◆ **Records shown**

(* Let $\mathbf H=\mathbf g\mathbf h^T$ with $\mathbf g\in\mathbb C^{M_R}$, $\mathbf h\in\mathbb C^{M_T}$, let $\mathbf\Theta\in\mathbb C^{M_R\times M_T}$ have full rank, and set $\hat{\mathbf H}=\mathbf H\circ\mathbf\Theta$. If $M_R\le M_T$, there exist numbers $\varepsilon_1,\dots,\varepsilon_{M_R}$ with $\min_i|[\mathbf h]_i|^2\le\varepsilon_i\le\max_i|[\mathbf h]_i|^2$ such that $$\det(\hat{\mathbf H}\hat{\mathbf H}^H)=\Big(\prod_{i=1}^{M_R}|[\mathbf g]_i|^2\varepsilon_i\Big)\det(\mathbf\Theta\mathbf\Theta^H).$$ If $M_R\ge M_T$, there exist numbers $\nu_1,\dots,\nu_{M_T}$ with $\min_i|[\mathbf g]_i|^2\le\nu_i\le\max_i|[\mathbf g]_i|^2$ such that $$\det(\hat{\mathbf H}^H\hat{\mathbf H})=\Big(\prod_{i=1}^{M_T}|[\mathbf h]_i|^2\nu_i\Big)\det(\mathbf\Theta^H\mathbf\Theta).$$
   Context: $\circ$ denotes the Hadamard (entrywise) product; $[\mathbf x]_i$ is the $i$th entry of $\mathbf x$. *)

(* Complex numbers: an arbitrary numClosedFieldType C
   (algebraically closed field with conjugation and norm, e.g. algC; C-like). *)
From HB Require Import structures.
From mathcomp Require Import all_boot all_order all_algebra.
Set Implicit Arguments. Unset Strict Implicit. Unset Printing Implicit Defensive.
Import Order.TTheory GRing.Theory Num.Theory.
Local Open Scope ring_scope.

Definition ctrmx (C : numClosedFieldType) (m n : nat) (A : 'M[C]_(m, n)) : 'M[C]_(n, m) :=
  map_mx Num.conj (A^T).

Definition hadamard (C : numClosedFieldType) (m n : nat) (A B : 'M[C]_(m, n)) : 'M[C]_(m, n) :=
  \matrix_(i, j) (A i j * B i j).

(* min_i x_i <= e <= max_i x_i, for a finite family of (real) values x
   (over a total order: some x_i is <= e and some x_j is >= e). *)
Definition in_min_max (C : numClosedFieldType) (n : nat) (x : 'I_n -> C) (e : C) : Prop :=
  (exists i, x i <= e) /\ (exists j, e <= x j).

From HB Require Import structures.
From mathcomp Require Import all_boot all_order all_algebra perm.
Import Order.TTheory GRing.Theory Num.Theory.
Local Open Scope ring_scope.
Set Implicit Arguments. Unset Strict Implicit. Unset Printing Implicit Defensive.

(* Writing [D_v] for the diagonal matrix with diagonal [v], the
   Hadamard product with a rank-one matrix is a two-sided diagonal scaling:
   g h^T o Theta = D_g Theta D_h.  Hence
     det (Hh Hh^H) = (prod_i |g_i|^2) det (Theta D_d Theta^H),  d_j = |h_j|^2,
   and the second claim is the first one applied to Theta^H.
   The heart of the matter is a weighted Cauchy-Binet formula: for an n x m
   matrix X and weights d,
     det (X D_d X^H) = sum_{|S| = n} (prod_{j in S} d_j) det (X D_{1_S} X^H),
   where every coefficient det (X D_{1_S} X^H) = |det X_S|^2 is nonnegative.
   If lo <= d_j <= hi with lo >= 0, this sandwiches det (X D_d X^H) between
   lo^n det (X X^H) and hi^n det (X X^H), so it equals e^n det (X X^H) for
   the n-th root e of the ratio, which lies between lo and hi.  Taking all
   eps_i equal to e proves the theorem. *)

Lemma det_mulmx_ffun (R : comNzRingType) n m (A : 'M[R]_(n, m)) (B : 'M[R]_(m, n)) :
  \det (A *m B) = \sum_(f : {ffun 'I_n -> 'I_m})
     (\prod_i A i (f i)) * \det (\matrix_(i, j) B (f i) j).
Proof.
rewrite /determinant.
under eq_bigr => s _.
  rewrite (eq_bigr (fun i => \sum_(k < m) A i k * B k ((s : 'S_n) i)));
    last by move=> i _; rewrite mxE.
  rewrite bigA_distr_bigA big_distrr /=.
  over.
rewrite exchange_big /=; apply: eq_bigr => f _.
rewrite big_distrr /=; apply: eq_bigr => s _.
rewrite big_split /= mulrCA; congr (_ * (_ * _)).
by apply: eq_bigr => i _; rewrite mxE.
Qed.

Section ConjugateTranspose.
Variable C : numClosedFieldType.

Lemma ctrmxK m n (A : 'M[C]_(m, n)) : ctrmx (ctrmx A) = A.
Proof. by apply/matrixP => i j; rewrite !mxE conjCK. Qed.

Lemma ctrmx_mul m n p (A : 'M[C]_(m, n)) (B : 'M[C]_(n, p)) :
  ctrmx (A *m B) = ctrmx B *m ctrmx A.
Proof. by rewrite /ctrmx trmx_mul map_mxM. Qed.

Lemma ctrmx_diag n (a : 'I_n -> C) :
  ctrmx (diag_mx (\row_i a i)) = diag_mx (\row_i Num.conj (a i)).
Proof.
apply/matrixP => i j; rewrite !mxE.
by case: eqVneq => [->|]; rewrite ?mulr1n ?mulr0n ?conjC0.
Qed.

(* The Gram determinant of a square matrix is |det Z|^2, hence nonnegative. *)
Lemma det_gram_square_ge0 n (Z : 'M[C]_n) : 0 <= \det (Z *m ctrmx Z).
Proof.
by rewrite det_mulmx /ctrmx det_map_mx det_tr -normCK exprn_ge0.
Qed.

End ConjugateTranspose.

Definition weighted_gram (C : numClosedFieldType) n m (X : 'M[C]_(n, m))
    (d : 'I_m -> C) : 'M[C]_n :=
  X *m diag_mx (\row_j d j) *m ctrmx X.

Lemma eq_weighted_gram (C : numClosedFieldType) n m (X : 'M[C]_(n, m))
    (d d' : 'I_m -> C) :
  (forall j, d j = d' j) -> weighted_gram X d = weighted_gram X d'.
Proof.
move=> eq_d; rewrite /weighted_gram; congr (_ *m diag_mx _ *m _).
by apply/rowP => j; rewrite !mxE.
Qed.

(* Selecting n columns S of X by 0/1 weights gives the Gram matrix of the
   square submatrix X_S, whose determinant is nonnegative. *)
Lemma det_column_gram_ge0 (C : numClosedFieldType) n m (X : 'M[C]_(n, m))
    (S : {set 'I_m}) :
  #|S| = n -> 0 <= \det (weighted_gram X (fun j => (j \in S)%:R)).
Proof.
move=> cardS; subst n.
pose Z : 'M[C]_#|S| := \matrix_(i, k) X i (enum_val (A := S) k).
suff -> : weighted_gram X (fun j => (j \in S)%:R) = Z *m ctrmx Z.
  exact: det_gram_square_ge0.
apply/matrixP => i j; rewrite !mxE.
rewrite (eq_bigr (fun k => if k \in S then X i k * Num.conj (X j k) else 0));
  last by move=> k _; rewrite mul_mx_diag !mxE; case: (k \in S);
    rewrite ?mulr1 ?mulr0 ?mul0r.
rewrite -big_mkcond /= (big_enum_val (A := mem S)) /=.
by apply: eq_bigr => k _; rewrite !mxE.
Qed.

Section WeightedGram.
Variables (C : numClosedFieldType) (n m : nat) (X : 'M[C]_(n, m)).

Definition binet_term (f : {ffun 'I_n -> 'I_m}) : C :=
  (\prod_i X i (f i)) * \det (\matrix_(i, j) (ctrmx X) (f i) j).

Definition column_gram (S : {set 'I_m}) : C :=
  \det (weighted_gram X (fun j => (j \in S)%:R)).

Lemma det_weighted_gram_ffun (d : 'I_m -> C) :
  \det (weighted_gram X d) =
  \sum_(f : {ffun 'I_n -> 'I_m}) (\prod_i d (f i)) * binet_term f.
Proof.
rewrite /weighted_gram det_mulmx_ffun; apply: eq_bigr => f _.
rewrite /binet_term mulrA -big_split /=; congr (_ * _).
by apply: eq_bigr => i _; rewrite mul_mx_diag !mxE mulrC.
Qed.

(* A non-injective f selects two equal rows of X^H. *)
Lemma binet_term_noninj (f : {ffun 'I_n -> 'I_m}) :
  ~~ injectiveb f -> binet_term f = 0.
Proof.
move/injectivePn => [i1 [i2 ne e]].
rewrite /binet_term (determinant_alternate ne) ?mulr0 // => j.
by rewrite !mxE e.
Qed.

Lemma prod_indicator (I : finType) (b : I -> bool) :
  \prod_i ((b i)%:R : C) = ([forall i, b i])%:R.
Proof.
case: forallP => [allb|/forallP/forallPn [i nbi]].
  by apply: big1 => i _; rewrite allb.
by rewrite (bigD1 i) //= (negPf nbi) mul0r.
Qed.

Lemma column_gram_ffun (S : {set 'I_m}) :
  column_gram S = \sum_(f : {ffun 'I_n -> 'I_m} | [forall i, f i \in S]) binet_term f.
Proof.
rewrite /column_gram det_weighted_gram_ffun [RHS]big_mkcond /=.
apply: eq_bigr => f _; rewrite prod_indicator.
by case: forallP; rewrite ?mul1r ?mul0r.
Qed.

(* An injective f contributes exactly to the set S = f([n]). *)
Lemma image_set_eq (f : {ffun 'I_n -> 'I_m}) (S : {set 'I_m}) :
  injective f -> (#|S| == n) && [forall i, f i \in S] = (S == [set f i | i : 'I_n]).
Proof.
move=> inj_f; have card_im : #|[set f i | i : 'I_n]| = n.
  by rewrite card_imset // card_ord.
rewrite [S == _]eq_sym eqEcard card_im.
have -> : ([set f i | i : 'I_n] \subset S) = [forall i, f i \in S].
  apply/subsetP/forallP => [imS i|fS _ /imsetP [i _ ->] //].
  by apply: imS; apply/imsetP; exists i.
case: forallP => fS /=; last by rewrite andbF.
rewrite andbT; apply/eqP/idP => [<-//|leSn].
apply/eqP; rewrite eqn_leq leSn -card_im; apply: subset_leq_card.
by apply/subsetP => _ /imsetP [i _ ->].
Qed.

(* Weighted Cauchy-Binet formula: group the maps f by their image S. *)
Lemma det_weighted_gram_sets (d : 'I_m -> C) :
  \det (weighted_gram X d) =
  \sum_(S : {set 'I_m} | #|S| == n) (\prod_(j in S) d j) * column_gram S.
Proof.
under [RHS]eq_bigr => S _ do rewrite column_gram_ffun big_distrr.
rewrite det_weighted_gram_ffun /= (exchange_big_dep predT) //=.
apply: eq_bigr => f _.
have [/injectiveP inj_f|ninj] := boolP (injectiveb f); last first.
  by rewrite binet_term_noninj // mulr0 big1 // => S _; rewrite mulr0.
rewrite (eq_bigl _ _ (fun S => image_set_eq S inj_f)) big_pred1_eq.
rewrite big_imset /=; last by move=> x y _ _; apply: inj_f.
by congr (_ * _); apply: eq_bigl => i; rewrite inE.
Qed.

Lemma det_gram_sets :
  \det (X *m ctrmx X) = \sum_(S : {set 'I_m} | #|S| == n) column_gram S.
Proof.
have -> : X *m ctrmx X = weighted_gram X (fun=> 1).
  rewrite /weighted_gram (_ : \row_j _ = const_mx 1) ?diag_const_mx ?mulmx1 //.
  by apply/rowP => j; rewrite !mxE.
by rewrite det_weighted_gram_sets; apply: eq_bigr => S _; rewrite big1 ?mul1r.
Qed.

Lemma det_gram_ge0 : 0 <= \det (X *m ctrmx X).
Proof.
rewrite det_gram_sets; apply: sumr_ge0 => S /eqP cardS.
exact: det_column_gram_ge0.
Qed.

(* Weights in [lo, hi] with lo >= 0 scale the Gram determinant by a factor
   in [lo^n, hi^n]: each set term of the Cauchy-Binet sum is so scaled. *)
Lemma det_weighted_gram_bounds (d : 'I_m -> C) (lo hi : C) :
  0 <= lo -> (forall j, lo <= d j <= hi) ->
  lo ^+ n * \det (X *m ctrmx X) <= \det (weighted_gram X d) <=
  hi ^+ n * \det (X *m ctrmx X).
Proof.
move=> lo_ge0 d_in; rewrite det_gram_sets det_weighted_gram_sets !mulr_sumr.
apply/andP; split; apply: ler_sum => S /eqP cardS;
  rewrite ler_wpM2r ?det_column_gram_ge0 // -cardS -prodr_const;
  apply: ler_prod => j _; have /andP[lo_d d_hi] := d_in j.
  by rewrite lo_ge0 lo_d.
by rewrite d_hi (le_trans lo_ge0 lo_d).
Qed.

End WeightedGram.

(* A value sandwiched between lo^n D and hi^n D (with 0 <= lo <= hi, 0 <= D)
   is e^n D for some e in [lo, hi]: take e the n-th root of the ratio. *)
Lemma pow_mean_between (C : numClosedFieldType) n (lo hi D E : C) :
  0 <= lo -> lo <= hi -> 0 <= D -> lo ^+ n * D <= E <= hi ^+ n * D ->
  exists2 e, lo <= e <= hi & E = e ^+ n * D.
Proof.
move=> lo_ge0 lo_hi D_ge0 /andP[E_lo E_hi].
have lo_in : lo <= lo <= hi by rewrite lexx lo_hi.
have [D0|D_neq0] := eqVneq D 0.
  exists lo => //; apply/eqP; rewrite eq_le.
  by move: E_lo E_hi; rewrite D0 !mulr0 => -> ->.
case: n E_lo E_hi => [|n] E_lo E_hi.
  by exists lo => //; apply/eqP; rewrite eq_le E_hi E_lo.
have D_gt0 : 0 < D by rewrite lt_def D_neq0.
have hi_ge0 : 0 <= hi := le_trans lo_ge0 lo_hi.
have r_lo : lo ^+ n.+1 <= E / D by rewrite ler_pdivlMr.
have r_hi : E / D <= hi ^+ n.+1 by rewrite ler_pdivrMr.
have r_ge0 : 0 <= E / D := le_trans (exprn_ge0 _ lo_ge0) r_lo.
exists (n.+1.-root (E / D)); last by rewrite rootCK // divfK.
rewrite -[lo](exprCK (ltn0Sn n) lo_ge0) -[hi](exprCK (ltn0Sn n) hi_ge0).
by rewrite !ler_rootC // ?r_lo ?r_hi // nnegrE ?exprn_ge0.
Qed.

Lemma real_family_min (C : numClosedFieldType) (I : finType) (x : I -> C) (i0 : I) :
  (forall i, x i \is Num.real) -> exists i, forall j, x i <= x j.
Proof.
move=> x_real.
suff [i min_i] : exists i, forall j, j \in enum I -> x i <= x j.
  by exists i => j; apply: min_i; rewrite mem_enum.
elim: (enum I) => [|a s [i min_i]]; first by exists i0.
have [xa_le|xi_le] := orP (real_leVge (x_real a) (x_real i)).
  exists a => j; rewrite inE => /orP [/eqP -> // | js].
  exact: le_trans xa_le (min_i j js).
exists i => j; rewrite inE => /orP [/eqP -> // | js]; exact: min_i.
Qed.

Lemma real_family_max (C : numClosedFieldType) (I : finType) (x : I -> C) (i0 : I) :
  (forall i, x i \is Num.real) -> exists i, forall j, x j <= x i.
Proof.
move=> x_real; have [|i min_i] := @real_family_min C I (fun i => - x i) i0.
  by move=> i; rewrite realN.
by exists i => j; rewrite -lerN2.
Qed.

Lemma det_weighted_gram_mean (C : numClosedFieldType) n m (X : 'M[C]_(n, m))
    (d : 'I_m -> C) :
  (n <= m)%N -> (forall j, 0 <= d j) ->
  exists eps : 'I_n -> C,
    (forall k, in_min_max d (eps k)) /\
    \det (weighted_gram X d) = (\prod_k eps k) * \det (X *m ctrmx X).
Proof.
case: n X => [|n] X le_nm d_ge0.
  by exists (fun=> 0); split => [[] //|]; rewrite !det_mx00 big_ord0 mul1r.
pose i0 : 'I_m := Ordinal (leq_trans (ltn0Sn n) le_nm).
have d_real j : d j \is Num.real by apply: ger0_real.
have [imin min_d] := real_family_min i0 d_real.
have [imax max_d] := real_family_max i0 d_real.
have d_in j : d imin <= d j <= d imax by rewrite min_d max_d.
have [e /andP[lo_e e_hi] ->] := pow_mean_between (d_ge0 imin) (min_d imax)
  (det_gram_ge0 X) (det_weighted_gram_bounds X (d_ge0 imin) d_in).
exists (fun=> e); split; first by move=> k; split; [exists imin | exists imax].
by rewrite prodr_const card_ord.
Qed.

Section HadamardRankOne.
Variable C : numClosedFieldType.

Lemma hadamard_rank_one m n (g : 'cV[C]_m) (h : 'cV[C]_n) (Theta : 'M[C]_(m, n)) :
  hadamard (g *m h^T) Theta =
  diag_mx (\row_i g i 0) *m Theta *m diag_mx (\row_j h j 0).
Proof.
apply/matrixP => i j.
by rewrite mul_mx_diag mul_diag_mx !mxE big_ord1 !mxE mulrAC.
Qed.

Lemma ctrmx_scaled m n (X : 'M[C]_(m, n)) (a : 'I_m -> C) (b : 'I_n -> C) :
  ctrmx (diag_mx (\row_i a i) *m X *m diag_mx (\row_j b j)) =
  diag_mx (\row_j Num.conj (b j)) *m ctrmx X *m diag_mx (\row_i Num.conj (a i)).
Proof. by rewrite !ctrmx_mul !ctrmx_diag mulmxA. Qed.

Lemma det_gram_scaled m n (X : 'M[C]_(m, n)) (a : 'I_m -> C) (b : 'I_n -> C) :
  let Y := diag_mx (\row_i a i) *m X *m diag_mx (\row_j b j) in
  \det (Y *m ctrmx Y) =
  (\prod_i `|a i| ^+ 2) * \det (weighted_gram X (fun j => `|b j| ^+ 2)).
Proof.
move=> Y.
have gramY : Y *m ctrmx Y = diag_mx (\row_i a i) *m
    weighted_gram X (fun j => `|b j| ^+ 2) *m diag_mx (\row_i Num.conj (a i)).
  rewrite /Y ctrmx_scaled /weighted_gram !mulmxA.
  rewrite -[_ *m diag_mx _ *m diag_mx _]mulmxA mulmx_diag.
  by congr (_ *m diag_mx _ *m _ *m _); apply/rowP => j; rewrite !mxE normCK.
rewrite gramY !det_mulmx !det_diag mulrAC -big_split /=; congr (_ * _).
by apply: eq_bigr => i _; rewrite !mxE normCK.
Qed.

End HadamardRankOne.

Theorem theorem2 (C : numClosedFieldType) (MR MT : nat)
  (g : 'cV[C]_MR) (h : 'cV[C]_MT) (Theta : 'M[C]_(MR, MT))
  (hTheta : \rank Theta = minn MR MT) :
  let H := g *m h^T in
  let Hh := hadamard H Theta in
  ((MR <= MT)%N ->
    exists eps : 'I_MR -> C,
      (forall k, in_min_max (fun i : 'I_MT => `|h i 0| ^+ 2) (eps k)) /\
      \det (Hh *m ctrmx Hh) =
        (\prod_(i < MR) (`|g i 0| ^+ 2 * eps i)) * \det (Theta *m ctrmx Theta)) /\
  ((MT <= MR)%N ->
    exists nu : 'I_MT -> C,
      (forall k, in_min_max (fun i : 'I_MR => `|g i 0| ^+ 2) (nu k)) /\
      \det (ctrmx Hh *m Hh) =
        (\prod_(i < MT) (`|h i 0| ^+ 2 * nu i)) * \det (ctrmx Theta *m Theta)).
Proof.
move=> H Hh; rewrite /Hh /H hadamard_rank_one.
split=> [le_RT | le_TR].
  have [eps [eps_in det_eq]] :=
    det_weighted_gram_mean Theta le_RT (fun j => exprn_ge0 2 (normr_ge0 (h j 0))).
  by exists eps; split => //; rewrite det_gram_scaled det_eq mulrA [in RHS]big_split.
(* Hh^H Hh is the Gram matrix of Hh^H = D_{conj h} Theta^H D_{conj g}. *)
set Y := diag_mx _ *m Theta *m _.
rewrite -{2}[Y]ctrmxK /Y ctrmx_scaled.
have [nu [nu_in det_eq]] := det_weighted_gram_mean (ctrmx Theta) le_TR
  (fun i => exprn_ge0 2 (normr_ge0 (g i 0))).
exists nu; split => //; rewrite det_gram_scaled.
rewrite (eq_weighted_gram _ (fun i => congr1 (fun x : C => x ^+ 2) (norm_conjC (g i 0)))).
rewrite det_eq ctrmxK.
by rewrite mulrA [in RHS]big_split; under eq_bigr do rewrite norm_conjC.
Qed.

◆ **Aim of the exercise**
Within the listing above, extract exactly the lines from the line with "Lemma real_family_min (C" to the line with "pose i0 : 'I_m", the two named lines included, and no others.

◆ **Exercise solution**
Lemma real_family_min (C : numClosedFieldType) (I : finType) (x : I -> C) (i0 : I) :
  (forall i, x i \is Num.real) -> exists i, forall j, x i <= x j.
Proof.
move=> x_real.
suff [i min_i] : exists i, forall j, j \in enum I -> x i <= x j.
  by exists i => j; apply: min_i; rewrite mem_enum.
elim: (enum I) => [|a s [i min_i]]; first by exists i0.
have [xa_le|xi_le] := orP (real_leVge (x_real a) (x_real i)).
  exists a => j; rewrite inE => /orP [/eqP -> // | js].
  exact: le_trans xa_le (min_i j js).
exists i => j; rewrite inE => /orP [/eqP -> // | js]; exact: min_i.
Qed.

Lemma real_family_max (C : numClosedFieldType) (I : finType) (x : I -> C) (i0 : I) :
  (forall i, x i \is Num.real) -> exists i, forall j, x j <= x i.
Proof.
move=> x_real; have [|i min_i] := @real_family_min C I (fun i => - x i) i0.
  by move=> i; rewrite realN.
by exists i => j; rewrite -lerN2.
Qed.

Lemma det_weighted_gram_mean (C : numClosedFieldType) n m (X : 'M[C]_(n, m))
    (d : 'I_m -> C) :
  (n <= m)%N -> (forall j, 0 <= d j) ->
  exists eps : 'I_n -> C,
    (forall k, in_min_max d (eps k)) /\
    \det (weighted_gram X d) = (\prod_k eps k) * \det (X *m ctrmx X).
Proof.
case: n X => [|n] X le_nm d_ge0.
  by exists (fun=> 0); split => [[] //|]; rewrite !det_mx00 big_ord0 mul1r.
pose i0 : 'I_m := Ordinal (leq_trans (ltn0Sn n) le_nm).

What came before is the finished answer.